Often, these are calculated after the fact i.e. a system is studied with [[OPTIM]]/[[PATHSAMPLE]] and then for each identified minimum, the coordinates are extracted, and the quantities of interest are calculated.

In this article, you can find examples of some useful order parameters - and how to use [[CHARMM]] to calculate them. I have also included example script segments which you can use to extract the values from the [[CHARMM]] output.

==Setting up CHARMM==

'''NOTE: some of these only work with newer versions of [[CHARMM]], so please compile the source in ~/svn/CHARMM35, and use the executable produced.'''

===Reading in the structure of interest===

Before asking for order parameters, we need to set [[CHARMM]] up, and load in the coordinates for the structure of interest, in this case ''test.crd''. Here is the top of a [[CHARMM]] input file which does this for TZ2:
<pre>
! Example CHARMM input file to calculate three order parameters for TZ2
! Chris Whittleston 25/01/12

! Set paths for topology and parameter files
set pardir "/home/csw34/svn/CHARMM31/toppar"
set top "toph19_eef1_perm.inp"
set par "param19_eef1_perm.inp"

! BOMLev sets the level of warnings what do not cause the program to exit. -5 = very lax
BOMLev -5

! PRNLEV sets the ammount of output you get from CHARMM. 0 = small
PRNLEV 3

! Read standard topology and parameter files
OPEN READ CARD UNIT 1 NAME @pardir/@top
READ RTF CARD UNIT 1
CLOSE UNIT 1

OPEN READ CARD UNIT 2 NAME @pardir/@par
READ PARAMETER CARD UNIT 2
CLOSE UNIT 2

! Generate the PSF for TZ2
READ SEQUence CARD
*
12
SER TRP THR TRP GLU GLY ASN LYS TRP THR TRP LYS
GENErate FIRS NTER LAST CT2 SETUp

OPEN UNIT 20 NAME test.crd READ CARD
READ COOR UNIT 20 CARD FREE
CLOSE UNIT 20

! Build the internal coordinate tables
IC FILL PRESERVE
IC PARAMETERS
IC PURGE
IC BUILD

! Set up the EEF1 solvent model
eef1 setup temp 298.15 unit 93 name "/home/csw34/svn/CHARMM31/toppar/solvpar.inp"
update ctonnb 7. ctofnb 9. cutnb 15. group rdie
</pre>
This file is read into [[CHARMM]] by piping it in like this:
<pre>
charmm < order_parameters.inp > charmm.out
</pre>
If you do this for the above, the ''charmm.out'' file will show that the coordinates were read, but not much else.

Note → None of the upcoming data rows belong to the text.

(* Let $K\subset\mathbb R^{d_1}$ be compact and $f:K\to\mathbb R^{d_3}$ continuous. For every $\epsilon>0$ there exist $d_2>0$, $W_1\in\mathrm{Mat}(d_2,d_1)$, $W_2\in\mathrm{Mat}(d_3,d_2)$ and $b\in\mathbb R^{d_2}$ such that the function $f^U_{W_1,W_2,b}(x)=W_2\cdot\sigma_{\mathbb R^{d_2}}(W_1x+b)$ satisfies $\|f^U_{W_1,W_2,b}-f\|_{L^2(K)}<\epsilon$.
   Context: For $n\ge1$, $\sigma_{\mathbb R^n}:\mathbb R^n\to\mathbb R^n$ is defined by $\sigma_{\mathbb R^n}(x)_i=\dfrac{e^{2x_i}}{1+\sum_{j=1}^ne^{2x_j}}$, $i=1,\dots,n$ (the softmax on $(0,x_1,\dots,x_n)$ with the $0$-th component dropped; its image is the interior of the standard simplex with vertices $0,\epsilon_1,\dots,\epsilon_n$). The $L^2(K)$-norm is with respect to Lebesgue measure and the Euclidean norm on $\mathbb R^{d_3}$. *)

From HB Require Import structures.
From mathcomp Require Import all_boot all_order all_algebra.
From mathcomp Require Import all_classical all_reals all_analysis.
Set Implicit Arguments. Unset Strict Implicit. Unset Printing Implicit Defensive.
Import Order.TTheory GRing.Theory Num.Theory.
Import numFieldNormedType.Exports.
Local Open Scope classical_set_scope.
Local Open Scope ring_scope.

(* sigma_{R^n}: softmax on (0, x_1, ..., x_n) with the 0-th component dropped.
   Vectors of R^n are column vectors 'cV[R]_n. *)
Definition sigmaRn {R : realType} {n : nat} (x : 'cV[R]_n) : 'cV[R]_n :=
  \col_i (expR (2 * x i 0) / (1 + \sum_(j < n) expR (2 * x j 0))).

Definition netU {R : realType} {d1 d2 d3 : nat}
  (W1 : 'M[R]_(d2, d1)) (W2 : 'M[R]_(d3, d2)) (b : 'cV[R]_d2)
  (x : 'cV[R]_d1) : 'cV[R]_d3 :=
  W2 *m sigmaRn (W1 *m x + b).

(* Lebesgue integral on R^n of a function with values in \bar R, realized as
   the iterated one-dimensional Lebesgue integral (Tonelli/Fubini:
   the n-dimensional Lebesgue measure is the n-fold product of the
   one-dimensional one; the only integrands used below are non-negative and
   Borel measurable). *)
Fixpoint lebesgue_int_Rn {R : realType} (n : nat) :
    ('cV[R]_n -> \bar R) -> \bar R :=
  match n return ('cV[R]_n -> \bar R) -> \bar R with
  | 0 => fun F => F 0
  | n'.+1 => fun F =>
      (\int[@lebesgue_measure R]_t
         lebesgue_int_Rn (fun v : 'cV[R]_n' => F (col_mx (t%:M : 'cV[R]_1) v)))%E
  end.

Definition sqnorm2 {R : realType} {n : nat} (y : 'cV[R]_n) : R :=
  \sum_(i < n) (y i 0) ^+ 2.

Definition L2K_dist {R : realType} {d1 d3 : nat} (K : set 'cV[R]_d1)
  (g f : 'cV[R]_d1 -> 'cV[R]_d3) : \bar R :=
  poweR (lebesgue_int_Rn (fun x => ((\1_K x : R) * sqnorm2 (g x - f x))%:E))
        (2^-1).

From HB Require Import structures.
From mathcomp Require Import all_boot all_order all_algebra.
From mathcomp Require Import all_classical all_reals all_analysis.
From mathcomp Require Import finmap measurable_realfun.
From mathcomp Require Import ring lra.
Set Implicit Arguments. Unset Strict Implicit.
Import Order.TTheory GRing.Theory Num.Theory.
Import numFieldNormedType.Exports.
Local Open Scope classical_set_scope.
Local Open Scope ring_scope.

(** With rows [lam * p i] in [W1] and bias [L - lam * |p i|^2 / 2], the hidden
  layer gives [2 (W1 x + b)_i = lam |x|^2 + 2 L - lam |x - p i|^2], so the
  softmax weights are Gaussian bumps [exp (- lam |x - p i|^2)] up to a common
  factor and the extra [1] in the denominator.  Taking the [p i] to be a fine
  net of [K] and [W2] the matrix of values [f (p i)], the output is a weighted
  average of the [f (p i)]: a large [lam] concentrates the weight on centres
  close to [x], where [f (p i)] is close to [f x] by uniform continuity, and a
  large [L] makes the extra [1] negligible.  This approximates [f] uniformly
  on [K], and as [K] lies in a cube of finite volume, uniformly close implies
  close in [L^2(K)]. *)

Lemma mx_entry_le_norm (R : realDomainType) m n (x : 'M[R]_(m, n)) i j :
  `|x i j| <= `|x|.
Proof.
rewrite (_ : `|x| = mx_norm x) // mx_normrE.
exact: (le_bigmax 0 (fun ij : 'I_m * 'I_n => `|x ij.1 ij.2|) (i, j)).
Qed.

Section matrix_topology.
Variables (R : realType) (m n : nat).

Lemma compact_mx_entry_bounded (K : set 'M[R]_(m, n)) : compact K ->
  exists2 B, 0 < B & forall x, K x -> forall i j, `|x i j| <= B.
Proof.
move=> /compact_bounded [M [_ KM]].
exists (`|M| + 1) => [|x Kx i j]; first by rewrite ltr_wpDl.
apply: le_trans (mx_entry_le_norm x i j) (KM _ _ x Kx).
by rewrite (le_lt_trans (ler_norm M)) // ltrDl.
Qed.

Lemma mx_ballP (x y : 'M[R]_(m, n)) e : 0 < e ->
  ball x e y <-> forall i j, `|x i j - y i j| < e.
Proof. by move=> e0; split=> [[_ xy] i j|xy]; [exact: xy | split]. Qed.

End matrix_topology.

Lemma seq_lbound_gt0 (R : realDomainType) (T : eqType) (s : seq T) (g : T -> R) :
  (forall t, t \in s -> 0 < g t) ->
  exists2 d, 0 < d & forall t, t \in s -> d <= g t.
Proof.
elim: s => [|a s IH] g0; first by exists 1.
have [|d d0 dg] := IH; first by move=> t ts; rewrite g0 // in_cons ts orbT.
exists (Num.min d (g a)) => [|t]; first by rewrite lt_min d0 g0 ?mem_head.
by rewrite in_cons => /orP[/eqP->|ts]; rewrite ge_min ?lexx ?orbT ?dg.
Qed.

Section compact_cover_consequences.
Variables (R : realType) (V : pseudoMetricNormedZmodType R).

Lemma compact_unif_cont (U : pseudoMetricType R) (K : set V) (f : V -> U) :
  compact K -> {within K, continuous f} -> forall e, 0 < e ->
  exists2 d, 0 < d & forall x y, K x -> K y -> ball x d y -> ball (f x) e (f y).
Proof.
move=> + cf e e0; rewrite compact_cover => cK.
have local p : exists d : R, 0 < d /\
    (K p -> forall y, K y -> ball p (d *+ 2) y -> ball (f p) (e / 2) (f y)).
  have [Kp|nKp] := pselect (K p); last by exists 1; split.
  have e2 : 0 < e / 2 by rewrite divr_gt0.
  have /nbhs_ballP[d /= d0 pd] :=
    (subspace_continuousP K f).1 cf p Kp _ (nbhsx_ballx (f p) _ e2).
  exists (d / 2); split=> [|_ y Ky]; first by rewrite divr_gt0.
  by rewrite mulr2n -splitr => py; exact: (pd y).
have [del delP] := choice local.
have del0 p : 0 < del p := (delP p).1.
have [D DK cov] := cK _ K (fun p => ball p (del p)) (fun p _ => ball_open p (del p))
  (fun x Kx => ex_intro2 K (fun p => ball p (del p) x) x Kx (ballxx _ (del0 x))).
have [d d0 d_le] := @seq_lbound_gt0 R _ (enum_fset D) del (fun p _ => del0 p).
exists d => // x y Kx Ky xy.
have [p /= pD px] := cov x Kx.
have Kp : K p by have := DK p pD; rewrite in_setE.
apply: (@ball_splitr _ _ (f p)); apply: (delP p).2 => //.
  by apply: le_ball px; rewrite mulr2n lerDl ltW.
by apply: le_ball (ball_triangle px xy); rewrite mulr2n lerD2l d_le.
Qed.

===Making selections for groups of interest to save time===
In TZ2, we are interested in the TRP sidechains, as it is the interaction of these rings which give the small hairpin its remarkable stability. Because we are likely to want to consider them multiple times, it saves time to pre-define a [[CHARMM]] atom selection for each - like this:
<pre>
! Set up selections for each TRP ring in TZ2 (saves typing later!)
define TRP2 sele resid 2 .and. .not. ( type n .or. type ca .or. type c .or. -
type o .or. type oct* .or. type ha* .or. type hn .or. type ht* ) end
define TRP4 sele resid 4 .and. .not. ( type n .or. type ca .or. type c .or. -
type o .or. type oct* .or. type ha* .or. type hn .or. type ht* ) end
define TRP9 sele resid 9 .and. .not. ( type n .or. type ca .or. type c .or. -
type o .or. type oct* .or. type ha* .or. type hn .or. type ht* ) end
define TRP11 sele resid 11 .and. .not. ( type n .or. type ca .or. type c .or. -
type o .or. type oct* .or. type ha* .or. type hn .or. type ht* ) end
</pre>
This selection is quite simple. For the second residue, TRP2, we select all atoms in residue 2 (''resid 2''), and then exclude those in the backbone, including in any terminal residues. A full explaination of CHARMM selection logic can be found on [http://www.charmmtutorial.org/index.php/Essential_CHARMM_Features#Atom_Selection this] really useful page.

==Calculating and extracting order parameters==
Once we can read in the coordinates, we can add to the bottom of the [[CHARMM]] input file commands to calculate the order parameters for us. Sometimes we cannot get the exact result we want right away, but with some post-processing in a bash script, anything is possible! :) For each example, the [[CHARMM]] input file segment is accompanied by a bash script block demonstrating how to get the single value of interest out of the [[CHARMM]] output file.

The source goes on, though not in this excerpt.